Michael McComas is a former C&O railroad engineer who, at the age of 35, went back to school to become a teacher. Prior to joining the faculty of Mountwest, McComas taught mathematics for eight years in Cabell County Schools and Huntington St. Joseph Catholic High School. Currently he is an Associate Professor of Mathematics and Chair of Liberal Arts within the General Studies Division.

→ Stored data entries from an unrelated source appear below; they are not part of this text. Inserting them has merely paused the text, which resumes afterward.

(* Let $(\mathfrak{A},\mathfrak{A}_0)$ be a CQ*-algebra as in the context and $X\in\mathfrak{A}$. Then $Eig(X)\subset\sigma^L_{\mathfrak{A}_0}(X)\subset\sigma_{\mathfrak{A}_0}(X)$.
   Context: Let $\mathfrak{A}_0$ be a unital C*-algebra with C*-norm $\|\cdot\|_0$ and unit $I$, and let $\|\cdot\|$ be another norm on $\mathfrak{A}_0$ with $\|A\|\le\|A\|_0$, $\|AB\|\le\|A\|\,\|B\|_0$, $\|A^*\|=\|A\|$. Let $\mathfrak{A}$ be the $\|\cdot\|$-completion of $\mathfrak{A}_0$; for $X\in\mathfrak{A}$, $A\in\mathfrak{A}_0$ and $A_n\to X$ in $\|\cdot\|$ ($A_n\in\mathfrak{A}_0$), $XA:=\lim A_nA$, $AX:=\lim AA_n$. $E(\mathfrak{A}_0)$ is the set of positive linear functionals $\omega$ on $\mathfrak{A}_0$ with $\omega(I)=1$ and $|\omega(A)|\le\gamma\|A\|$ for some $\gamma>0$; $\overline{\omega}$ is the continuous extension to $\mathfrak{A}$. $Eig(X)$ is the set of $\alpha\in\mathbb{C}$ for which there exists $\omega\in E(\mathfrak{A}_0)$ with $\overline{\omega}(AX)=\alpha\,\overline{\omega}(A)$ for all $A\in\mathfrak{A}_0$. $\sigma^L_{\mathfrak{A}_0}(X)$ (resp. $\sigma^R_{\mathfrak{A}_0}(X)$) is the set of $\alpha\in\mathbb{C}$ such that there is no $B\in\mathfrak{A}_0$ with $B(X-\alpha I)=I$ (resp. $(X-\alpha I)B=I$), and $\sigma_{\mathfrak{A}_0}(X)=\sigma^L_{\mathfrak{A}_0}(X)\cup\sigma^R_{\mathfrak{A}_0}(X)$. *)

From HB Require Import structures.
From mathcomp Require Import all_boot all_order all_algebra.
From mathcomp Require Import complex.
From mathcomp Require Import boolp classical_sets reals.
Set Implicit Arguments. Unset Strict Implicit. Unset Printing Implicit Defensive.
Import Order.TTheory GRing.Theory Num.Theory.
Local Open Scope ring_scope.
Local Open Scope complex_scope.

Section NormedNotions.
Variable R : realType.
Local Notation C := R[i].

Definition is_norm (V : lmodType C) (N : V -> R) :=
  [/\ forall x, 0 <= N x,
      forall x, N x = 0 -> x = 0,
      forall (a : C) x, N (a *: x) = ComplexField.Normc.normc a * N x &
      forall x y, N (x + y) <= N x + N y].

Definition ncvg (V : zmodType) (N : V -> R) (u : nat -> V) (l : V) :=
  forall e : R, 0 < e -> exists M, forall k, (M <= k)%N -> N (u k - l) < e.

Definition ncauchy (V : zmodType) (N : V -> R) (u : nat -> V) :=
  forall e : R, 0 < e -> exists M, forall k l, (M <= k)%N -> (M <= l)%N ->
    N (u k - u l) < e.

Definition ncomplete (V : zmodType) (N : V -> R) :=
  forall u, ncauchy N u -> exists l, ncvg N u l.

End NormedNotions.

(* The data of the context: a unital C*-algebra (A0, ||.||_0) with involution
   star, a second norm ||.|| on A0 with the stated compatibility conditions,
   and the ||.||-completion A of A0, given by a linear isometric embedding
   j : A0 -> A with dense range into a complete normed space (A, nA). *)
Record CQstar (R : realType) := {
  A0 : algType R[i];
  star : A0 -> A0;
  n0 : A0 -> R;
  nrm : A0 -> R;
  A : lmodType R[i];
  nA : A -> R;
  j : A0 -> A;
  star_invol : forall a, star (star a) = a;
  star_add : forall a b, star (a + b) = star a + star b;
  star_scale : forall (c : R[i]) a, star (c *: a) = conjc c *: star a;
  star_mul : forall a b, star (a * b) = star b * star a;
  n0_norm : is_norm n0;
  n0_submul : forall a b, n0 (a * b) <= n0 a * n0 b;
  n0_Cstar : forall a, n0 (star a * a) = n0 a ^+ 2;
  n0_complete : ncomplete n0;
  nrm_norm : is_norm nrm;
  nrm_le : forall a, nrm a <= n0 a;
  nrm_mul : forall a b, nrm (a * b) <= nrm a * n0 b;
  nrm_star : forall a, nrm (star a) = nrm a;
  nA_norm : is_norm nA;
  nA_complete : ncomplete nA;
  j_linear : forall (c : R[i]) a b, j (c *: a + b) = c *: j a + j b;
  j_isom : forall a, nA (j a) = nrm a;
  j_dense : forall X : A, exists u : nat -> A0, ncvg nA (fun k => j (u k)) X
}.

Section CQDefs.
Variable R : realType.
Variable Q : CQstar R.
Local Notation C := R[i].
Local Notation A0 := (@A0 R Q).
Local Notation A := (@A R Q).
Local Notation j := (@j R Q).
Local Notation nA := (@nA R Q).

(* lmulA a X Y  <->  Y = a X, i.e. Y = lim a A_n whenever A_n -> X in ||.|| *)
Definition lmulA (a : A0) (X Y : A) :=
  forall u : nat -> A0, ncvg nA (fun k => j (u k)) X ->
    ncvg nA (fun k => j (a * u k)) Y.

(* rmulA X a Y  <->  Y = X a, i.e. Y = lim A_n a whenever A_n -> X *)
Definition rmulA (X : A) (a : A0) (Y : A) :=
  forall u : nat -> A0, ncvg nA (fun k => j (u k)) X ->
    ncvg nA (fun k => j (u k * a)) Y.

Definition in_E (w : A0 -> C) :=
  [/\ forall (c : C) a b, w (c *: a + b) = c * w a + w b,
      forall a, 0 <= w (@star R Q a * a),
      w 1 = 1 &
      exists2 g : R, 0 < g & forall a, ComplexField.Normc.normc (w a) <= g * @nrm R Q a].

Definition is_cont_ext (w : A0 -> C) (wb : A -> C) :=
  [/\ forall (c : C) X Y, wb (c *: X + Y) = c * wb X + wb Y,
      exists g : R, forall X, ComplexField.Normc.normc (wb X) <= g * nA X &
      forall a, wb (j a) = w a].

Definition Eig (X : A) : set C :=
  [set alpha | exists w, in_E w /\ exists wb, is_cont_ext w wb /\
     forall (a : A0) (Y : A), lmulA a X Y -> wb Y = alpha * wb (j a)].

Definition sigmaL (X : A) : set C :=
  [set alpha | ~ exists B : A0, lmulA B (X - alpha *: j 1) (j 1)].

Definition sigmaR (X : A) : set C :=
  [set alpha | ~ exists B : A0, rmulA (X - alpha *: j 1) B (j 1)].

Definition sigma (X : A) : set C := sigmaL X `|` sigmaR X.

End CQDefs.

From mathcomp Require Import all_boot all_order all_algebra.
From mathcomp Require Import complex.
From mathcomp Require Import boolp classical_sets reals.
Local Open Scope classical_set_scope.

Import GRing.Theory.

(* If B (X - alpha I) = I then B X = alpha B + I; applying the extension of an
   eigenfunctional w for alpha to both sides gives
   alpha w(B) = alpha w(B) + w(I), contradicting w(I) = 1. *)

Lemma ncvg_ext {R : realType} {V : zmodType} {N : V -> R} {u l v m} :
  ncvg N u l -> (forall k, (u k - l = v k - m)%R) -> ncvg N v m.
Proof.
move=> cvg_u eq_uv e e_gt0; have [M HM] := cvg_u e e_gt0.
by exists M => k le_Mk; rewrite -eq_uv; apply: HM.
Qed.

Section LeftMultiplication.
Variables (R : realType) (Q : CQstar R).
Local Notation j := (@j R Q).
Local Notation nA := (@nA R Q).
Local Open Scope ring_scope.

Lemma jB a b : j (a - b) = j a - j b.
Proof. by have := j_linear (-1) b a; rewrite !scaleN1r addrC => ->; rewrite addrC. Qed.

Lemma j0 : j 0 = 0.
Proof. by rewrite -(subrr 0) jB subrr. Qed.

Lemma jZ c a : j (c *: a) = c *: j a.
Proof. by rewrite -[c *: a]addr0 j_linear j0 addr0. Qed.

Lemma lmulA_subZ1 (a : A0 Q) (X Y : A Q) (c : R[i]) :
  lmulA a (X - c *: j 1) Y -> lmulA a X (c *: j a + Y).
Proof.
move=> aXY u cvg_u.
have cvg_u1 : ncvg nA (fun k => j (u k - c *: 1)) (X - c *: j 1).
  by apply: (ncvg_ext cvg_u _) => k; rewrite jB jZ opprB addrA subrK.
apply: (ncvg_ext (aXY _ cvg_u1) _) => k.
by rewrite mulrBr mulr_algr jB jZ opprD addrA.
Qed.

Lemma Eig_sub_sigmaL (X : A Q) : Eig X `<=` sigmaL X.
Proof.
move=> alpha [w [[_ _ w1 _] [wb [[wb_lin _ wb_ext] eig_w]]]] [B /lmulA_subZ1 BX].
have := eig_w _ _ BX; rewrite wb_lin !wb_ext w1 -[RHS]addr0.
by move/addrI/eqP; rewrite oner_eq0.
Qed.

End LeftMultiplication.

Theorem lemma4p4 (R : realType) (Q : CQstar R) (X : A Q) :
  Eig X `<=` sigmaL X /\ sigmaL X `<=` sigma X.
Proof. by split; [exact: Eig_sub_sigmaL | move=> alpha; left]. Qed.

McComas’ work passions are developmental education, student success, using technology to support teaching and learning, and improving online teaching at MCTC. McComas teaches both developmental and college-level mathematics, As Chair of Liberal Arts, he has responsibility for the subject areas of Mathematics, Chemistry, Environmental Science, Physics, English, and communications. Additionally, he over sees several programs, including Biomedical Technology, Electronics Technology, Engineering Technology, and Machines Technology
Mary served as Senior Vice President and Provost for Ivy Tech Community College. In her role as the Chief Academic Officer for the College and a member of the President’s Administrative Cabinet, Ostrye’s responsibilities included providing strategic vision for existing and emerging academic initiatives; overseeing the development of and compliance with academic and student affairs policy; overseeing the planning and implementation of the curriculum; and managing transfer and articulation for the college. Under her leadership, the College implemented a statewide corequisite model at scale for writing and for over half of its math curriculum; established three math pathways to align with degree and workforce needs; and restructured entry technology curriculum into one year certificate programs featuring competency-based curriculum.

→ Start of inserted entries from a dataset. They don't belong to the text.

(* Let $(A_n)_{n\in\mathbb Z^+}$ be a sequence of invertible linear operators on $\mathbb R^d$ that admits a strong exponential dichotomy with respect to a sequence of norms $\|\cdot\|_n$, $n\in\mathbb Z^+$, and projections $P_n$, $n\in\mathbb Z^+$. Let $Y\subset\mathbb R^d$ be any subspace with $\mathbb R^d=\operatorname{Im}P_0\oplus Y$, let $P_0'$ be the projection onto $\operatorname{Im}P_0$ along $Y$, and set $P'_n=\mathcal A(n,0)P'_0\mathcal A(0,n)$ for $n\in\mathbb Z^+$. Then $(A_n)_{n\in\mathbb Z^+}$ admits a strong exponential dichotomy with respect to the norms $\|\cdot\|_n$ and projections $P'_n$, $n\in\mathbb Z^+$.
   Context: $\mathbb Z^+=\{0,1,\dots\}$. $\mathcal A(m,n)=A_{m-1}\cdots A_n$ ($m>n$), $\mathrm{Id}$ ($m=n$), $A_m^{-1}\cdots A_{n-1}^{-1}$ ($m<n$). Strong exponential dichotomy w.r.t. norms $\{\|\cdot\|_n\}$ and projections $P_n$: $A_nP_n=P_{n+1}A_n$ for all $n$, and there exist $K>0$, $a\ge\lambda>0$ with, for $m\ge n$, $x\in\mathbb R^d$, $Q_m=\mathrm{Id}-P_m$: $\|\mathcal A(m,n)P_nx\|_m\le Ke^{-\lambda(m-n)}\|x\|_n$, $\|\mathcal A(n,m)Q_mx\|_n\le Ke^{-\lambda(m-n)}\|x\|_m$, $\|\mathcal A(m,n)x\|_m\le Ke^{a(m-n)}\|x\|_n$, $\|\mathcal A(n,m)x\|_n\le Ke^{a(m-n)}\|x\|_m$. *)

From HB Require Import structures.
From mathcomp Require Import all_boot all_order all_algebra.
From mathcomp Require Import reals sequences exp.
Set Implicit Arguments. Unset Strict Implicit. Unset Printing Implicit Defensive.
Import Order.TTheory GRing.Theory Num.Theory.
Local Open Scope ring_scope.

Section Defs.
Variables (R : realType) (d : nat).

Fixpoint fwd (A : nat -> 'M[R]_d) (n k : nat) : 'M[R]_d :=
  match k with 0 => 1%:M | k'.+1 => A (n + k')%N *m fwd A n k' end.

Fixpoint bwd (A : nat -> 'M[R]_d) (m k : nat) : 'M[R]_d :=
  match k with 0 => 1%:M | k'.+1 => bwd A m k' *m invmx (A (m + k')%N) end.

Definition cocycle (A : nat -> 'M[R]_d) (m n : nat) : 'M[R]_d :=
  if (n <= m)%N then fwd A n (m - n) else bwd A m (n - m).

Definition is_norm (N : 'cV[R]_d -> R) : Prop :=
  [/\ forall x, 0 <= N x,
      forall x, N x = 0 -> x = 0,
      forall (c : R) x, N (c *: x) = `|c| * N x
    & forall x y, N (x + y) <= N x + N y].

Definition strong_exp_dichotomy (A : nat -> 'M[R]_d)
    (N : nat -> 'cV[R]_d -> R) (P : nat -> 'M[R]_d) : Prop :=
  (forall n, P n *m P n = P n) /\
  (forall n, A n *m P n = P n.+1 *m A n) /\
  exists K a lam : R, [/\ 0 < K, 0 < lam, lam <= a &
    forall (m n : nat) (x : 'cV[R]_d), (n <= m)%N ->
      [/\ N m (cocycle A m n *m (P n *m x))
            <= K * expR (- (lam * (m - n)%:R)) * N n x,
          N n (cocycle A n m *m ((1%:M - P m) *m x))
            <= K * expR (- (lam * (m - n)%:R)) * N m x,
          N m (cocycle A m n *m x) <= K * expR (a * (m - n)%:R) * N n x
        & N n (cocycle A n m *m x) <= K * expR (a * (m - n)%:R) * N m x]].

Definition in_im (M : 'M[R]_d) (x : 'cV[R]_d) : Prop := exists y, x = M *m y.

Definition is_subspace (Y : 'cV[R]_d -> Prop) : Prop :=
  [/\ Y 0, forall x y, Y x -> Y y -> Y (x + y) & forall (c : R) x, Y x -> Y (c *: x)].

Definition direct_sum_im (M : 'M[R]_d) (Y : 'cV[R]_d -> Prop) : Prop :=
  (forall x, exists u v, [/\ in_im M u, Y v & x = u + v]) /\
  (forall x, in_im M x -> Y x -> x = 0).

Definition proj_onto_along (Q M : 'M[R]_d) (Y : 'cV[R]_d -> Prop) : Prop :=
  forall u v, in_im M u -> Y v -> Q *m (u + v) = u.

End Defs.

(* Since P'_0 and P_0 have the same image, P'_0 = P_0 + P_0 P'_0 (1 - P_0); transported
   along the cocycle this gives
     A(m,n) P'_n = A(m,n) P_n + A(m,0) P_0 P'_0 A(0,n) (1 - P_n),
   and similarly for 1 - P'_m.  The correction term passes through time 0, so it is
   bounded by the stable estimate from 0 to m times the unstable one from n back to 0,
   i.e. by K^2 C e^{-lam (m + n)} <= K^2 C e^{-lam (m - n)}, where C is the operator norm
   of P'_0 for the norm at time 0; C is finite because all norms on R^d are equivalent.
   The growth estimates do not involve the projections. *)

From HB Require Import structures.
From mathcomp Require Import all_boot all_order all_algebra.
From mathcomp Require Import reals sequences exp.
From mathcomp Require Import boolp classical_sets topology normedtype derive.
From mathcomp Require Import ring lra.
Set Implicit Arguments. Unset Strict Implicit. Unset Printing Implicit Defensive.
Import Order.TTheory GRing.Theory Num.Theory.
Import numFieldNormedType.Exports.
Local Open Scope classical_set_scope.
Local Open Scope ring_scope.

Lemma mxentry_le_norm (K : realDomainType) m n (x : 'M[K]_(m, n)) i j :
  `|x i j| <= `|x|.
Proof.
rewrite (_ : `|x| = mx_norm x) // mx_normrE; apply/bigmax_geP; right => /=.
by exists (i, j).
Qed.

Section FinDimNorm.
Variables (R : realType) (d : nat) (N : 'cV[R]_d -> R).
Hypothesis hN : is_norm N.

Lemma is_norm_ge0 x : 0 <= N x. Proof. by case: hN. Qed.

Lemma is_normZ (c : R) x : N (c *: x) = `|c| * N x. Proof. by case: hN. Qed.

Lemma is_normD x y : N (x + y) <= N x + N y. Proof. by case: hN. Qed.

Lemma is_norm0 : N 0 = 0.
Proof. by rewrite -(scale0r (0 : 'cV[R]_d)) is_normZ normr0 mul0r. Qed.

Lemma is_norm_eq0 x : (N x == 0) = (x == 0).
Proof.
apply/eqP/eqP => [|->]; last exact: is_norm0.
by case: hN => _ + _ _; apply.
Qed.

Lemma is_normN x : N (- x) = N x.
Proof. by rewrite -scaleN1r is_normZ normrN normr1 mul1r. Qed.

Lemma is_normB x y : N (x - y) <= N x + N y.
Proof. by rewrite -(is_normN y) is_normD. Qed.

Lemma is_norm_sum (I : Type) (r : seq I) (f : I -> 'cV[R]_d) :
  N (\sum_(i <- r) f i) <= \sum_(i <- r) N (f i).
Proof.
elim: r => [|i r IH]; first by rewrite !big_nil is_norm0.
by rewrite !big_cons (le_trans (is_normD _ _)) // lerD2l.
Qed.

Lemma is_norm_dist x y : `|N x - N y| <= N (x - y).
Proof.
have := is_normD (x - y) y; have := is_normD (y - x) x.
by rewrite !subrK -opprB is_normN ler_norml; lra.
Qed.

Lemma is_norm_mulmx_le (M : 'M[R]_d) x :
  N (M *m x) <= (\sum_j N (M *m delta_mx j 0)) * `|x^T|.
Proof.
have xE : x = \sum_j x j 0 *: delta_mx j 0.
  by rewrite {1}[x]matrix_sum_delta; apply: eq_bigr => j _; rewrite big_ord1.
rewrite {1}xE mulmx_sumr.
apply: le_trans (is_norm_sum _ _) _; rewrite mulr_suml; apply: ler_sum => j _.
rewrite -scalemxAr is_normZ mulrC ler_wpM2l ?is_norm_ge0 //.
by have := mxentry_le_norm x^T 0 j; rewrite mxE.
Qed.

Lemma is_norm_tr_continuous : continuous (fun v : 'rV[R]_d => N v^T).
Proof.
set B := \sum_j N (1%:M *m delta_mx j 0).
have B0 : 0 <= B by apply: sumr_ge0 => j _; exact: is_norm_ge0.
move=> v; apply/(cvgrPdist_lt (FF := nbhs_filter v)) => e e0.
have eB : 0 < e / (B + 1) by rewrite divr_gt0 // ltr_wpDl.
near=> w.
have : ball v (e / (B + 1)) w by near: w; exact: (@near_ball R _ v _ eB).
rewrite -ball_normE /= => vw.
apply: le_lt_trans (is_norm_dist _ _) _.
rewrite -linearB /= -[_^T]mul1mx.
apply: le_lt_trans (is_norm_mulmx_le _ _) _; rewrite trmxK.
apply: (@le_lt_trans _ _ (B * (e / (B + 1)))); first by rewrite ler_wpM2l // ltW.
rewrite mulrA ltr_pdivrMr ?ltr_wpDl // mulrC ltr_pM2l //.
by rewrite ltrDl.
Unshelve. all: by end_near.
Qed.

Lemma is_norm_ge_mx_norm : exists2 c, 0 < c & forall x, c * `|x^T| <= N x.
Proof.
pose S := [set v : 'rV[R]_d | `|v| = 1].
have normalizeS v : v != 0 -> S (`|v|^-1 *: v).
  by move=> v0; rewrite /S /= normrZ normfV normr_id mulVf ?normr_eq0.
have [[w Sw]|noS] := pselect (exists w, S w); last first.
  (* S is empty only when d = 0 *)
  exists 1 => // x; have [->|x0] := eqVneq x^T 0.
    by rewrite normr0 mulr0 is_norm_ge0.
  by exfalso; apply: noS; exists (`|x^T|^-1 *: x^T); exact: normalizeS.
have cS : compact S.
  apply: bounded_closed_compact.
    by exists 1; split => // M M1 x; rewrite /S /= => ->; exact: ltW.
  apply: (@preimage_closed _ _ (fun v : 'rV[R]_d => `|v|) [set 1]).
    by move=> x _; exact: norm_continuous.
  exact: closed_eq.
have [v0 /set_mem Sv0 hmin] :=
  compact_EVT_min (ex_intro _ w Sw) cS (continuous_subspaceT is_norm_tr_continuous).
have v0_neq0 : v0^T != 0.
  apply: contra_eqN Sv0 => /eqP/(congr1 trmx); rewrite trmxK trmx0 => ->.
  by rewrite normr0 eq_sym oner_eq0.
exists (N v0^T).
  by rewrite lt_def is_norm_ge0 is_norm_eq0 v0_neq0.
move=> x; have [->|x0] := eqVneq x^T 0; first by rewrite normr0 mulr0 is_norm_ge0.
have := hmin _ (mem_set (normalizeS _ x0)).
rewrite linearZ /= trmxK is_normZ normfV normr_id => h.
by rewrite -ler_pdivlMr ?normr_gt0 // mulrC.
Qed.

Lemma is_norm_mulmx_bounded (M : 'M[R]_d) :
  exists2 C, 0 <= C & forall x, N (M *m x) <= C * N x.
Proof.
have [c c0 hc] := is_norm_ge_mx_norm.
set BM := \sum_j N (M *m delta_mx j 0).
have BM0 : 0 <= BM by apply: sumr_ge0 => j _; exact: is_norm_ge0.
exists (BM / c) => [|x]; first by rewrite divr_ge0 // ltW.
apply: le_trans (is_norm_mulmx_le M x) _.
by rewrite -mulrA ler_wpM2l // ler_pdivlMl.
Qed.

End FinDimNorm.

Lemma invmxM (R : comUnitRingType) d (M1 M2 : 'M[R]_d) :
  M1 \in unitmx -> M2 \in unitmx -> invmx (M1 *m M2) = invmx M2 *m invmx M1.
Proof.
move=> M1u M2u; have M12u : M1 *m M2 \in unitmx by rewrite unitmx_mul M1u.
have M12K : invmx M2 *m invmx M1 *m (M1 *m M2) = 1%:M.
  by rewrite mulmxA mulmxKV // mulVmx.
by rewrite -[LHS]mul1mx -M12K mulmxK.
Qed.

Lemma mulmx_cVP (R : fieldType) d (M1 M2 : 'M[R]_d) :
  (forall x : 'cV[R]_d, M1 *m x = M2 *m x) -> M1 = M2.
Proof.
move=> eqM; apply: trmx_inj; apply/eqP/mulmxP => u.
by rewrite -[u]trmxK -!trmx_mul eqM.
Qed.

Section Cocycle.
Variables (R : realType) (d : nat) (A : nat -> 'M[R]_d).
Hypothesis hA : forall n, A n \in unitmx.

Lemma unitmx_fwd n k : fwd A n k \in unitmx.
Proof. by elim: k => [|k IHk] /=; rewrite ?unitmx1 // unitmx_mul hA. Qed.

Lemma fwdE n k : fwd A n k = fwd A 0 (n + k) *m invmx (fwd A 0 n).
Proof.
elim: k => [|k IHk]; first by rewrite addn0 mulmxV ?unitmx_fwd.
by rewrite /= IHk addnS /= add0n mulmxA.
Qed.

Lemma bwdE m k : bwd A m k = fwd A 0 m *m invmx (fwd A 0 (m + k)).
Proof.
elim: k => [|k IHk]; first by rewrite addn0 mulmxV ?unitmx_fwd.
by rewrite /= IHk addnS /= add0n invmxM ?hA ?unitmx_fwd // mulmxA.
Qed.

Lemma cocycleE m n : cocycle A m n = fwd A 0 m *m invmx (fwd A 0 n).
Proof.
rewrite /cocycle; case: leqP => [nm|mn]; first by rewrite fwdE subnKC.
by rewrite bwdE subnKC // ltnW.
Qed.

Lemma cocycle_mul m k n : cocycle A m k *m cocycle A k n = cocycle A m n.
Proof. by rewrite !cocycleE mulmxA mulmxKV ?unitmx_fwd. Qed.

Lemma cocycle_id n : cocycle A n n = 1%:M.
Proof. by rewrite cocycleE mulmxV ?unitmx_fwd. Qed.

Lemma cocycleSn n : cocycle A n.+1 n = A n.
Proof. by rewrite cocycleE /= add0n mulmxK ?unitmx_fwd. Qed.

Definition transport (Q : 'M[R]_d) (n : nat) : 'M[R]_d :=
  cocycle A n 0 *m Q *m cocycle A 0 n.

Lemma cocycle_transport m n Q :
  cocycle A m n *m transport Q n = cocycle A m 0 *m Q *m cocycle A 0 n.
Proof. by rewrite /transport !mulmxA cocycle_mul. Qed.

Lemma transport_cocycle m n Q :
  transport Q m *m cocycle A m n = cocycle A m 0 *m Q *m cocycle A 0 n.
Proof. by rewrite /transport -mulmxA cocycle_mul. Qed.

Lemma transportM Q1 Q2 n :
  transport Q1 n *m transport Q2 n = transport (Q1 *m Q2) n.
Proof.
by rewrite /transport !mulmxA -(mulmxA _ (cocycle A 0 n)) cocycle_mul cocycle_id mulmx1.
Qed.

Casey has worked at the Colorado Community College System office for six years in Academic Affairs. Sacks provided key leadership to the process that resulted in a new system-wide developmental education policy in Colorado. She leads special programs, grants and resource development for the System. In 2011, Sacks was charged with leading a group of faculty and staff to redesign developmental education for 13 colleges. That effort resulted in policy that eliminated long, multi-course sequences in reading, English, and math. Sacks completed her Ph.D. in higher education administration at Bowling Green State University in Ohio specializing in institutional planning. She volunteers as a mediator for her county court system and is an active Rotarian. And she is an avid polo player – horses not water.

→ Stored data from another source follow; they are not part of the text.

Lemma eta_t_ge0 : (0 <= eta_t p ths th)%R.
Proof.
rewrite /eta_t; have := @d2_ge0 _ _ _ (p th) (Phi p ths).
by case: (d2 _ _) => // r; rewrite lee_fin => r0; rewrite divr_ge0.
Qed.

Hypothesis t_ge2 : (2 <= t)%N.

Let n_gt0 : (0 < t.-1)%N.
Proof. by rewrite -subn1 subn_gt0. Qed.

Lemma le_eta_t_of_d2_le (b : R) :
  d2 (p th) (Phi p ths) <= b%:E -> (t.-1%:R / b <= eta_t p ths th)%R.
Proof.
have := @d2_ge1 _ _ _ (p th) (Phi p ths) (mixture_setT _ n_gt0).
rewrite /eta_t; case: (d2 _ _) => // r; rewrite !lee_fin => r_ge1 r_le_b.
rewrite ler_wpM2l // lef_pV2 ?posrE //; lra.
Qed.

Lemma Tcount_le_eta_t : ((Tcount ths th)%:R <= eta_t p ths th)%R.
Proof.
have [->|T_neq0] := eqVneq (Tcount ths th) 0%N; first exact: eta_t_ge0.
have T_gt0 : (0 < (Tcount ths th)%:R :> R)%R by rewrite ltr0n lt0n.
pose c : R := (t.-1%:R / (Tcount ths th)%:R)%R.
have -> : (Tcount ths th)%:R = (t.-1%:R / c)%R :> R.
  by rewrite /c invf_div mulrCA divff ?mulr1 // pnatr_eq0 -lt0n.
apply: le_eta_t_of_d2_le; apply: d2_le_of_le_scale; first by rewrite divr_ge0.
move=> A mA; rewrite /c (mulrC t.-1%:R) EFinM -muleA /Phi mixtureE //.
by rewrite lee_pdivlMl //; exact: Tcount_le_sum.
Qed.

Lemma d2_Phi_le_vsup : d2 (p th) (Phi p ths) <= vsup p th.
Proof.
have n_pos : 0 < t.-1%:R%:E :> \bar R by rewrite lte_fin ltr0n.
rewrite -(lee_pmul2l _ n_pos) // /Phi.
apply: le_trans (d2_mixture_le_sum _ _ _ n_gt0) _.
apply: (@le_trans _ _ (\sum_(i < t.-1) vsup p th)).
  by apply: lee_sum => i _; apply: ereal_sup_ubound; exists (ths i).
by rewrite sumr_const card_ord mule_natl.
Qed.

Myra Snell is the Math Lead for the California Acceleration Project, coaching and creating curricular materials to support faculty teaching pre-Statistics courses. She is a Professor of Mathematics at Los Medanos College, where she has been teaching courses from arithmetic to calculus and statistics for the last 20 years. Snell createdPath2Stats, the first pre-Statistics course in the country to provide a one-semester alternative to the traditional multi-level developmental algebra sequence. Snell’s past roles at Los Medanos include working with faculty across campus to assess outcomes and use the results to improve learning experiences for students. She was a coach for the Faculty Inquiry Network, worked with Carnegie-Mellon’s Open Learning Initiative in Statistics, and served as a consultant to the Carnegie Foundation’s Statway project.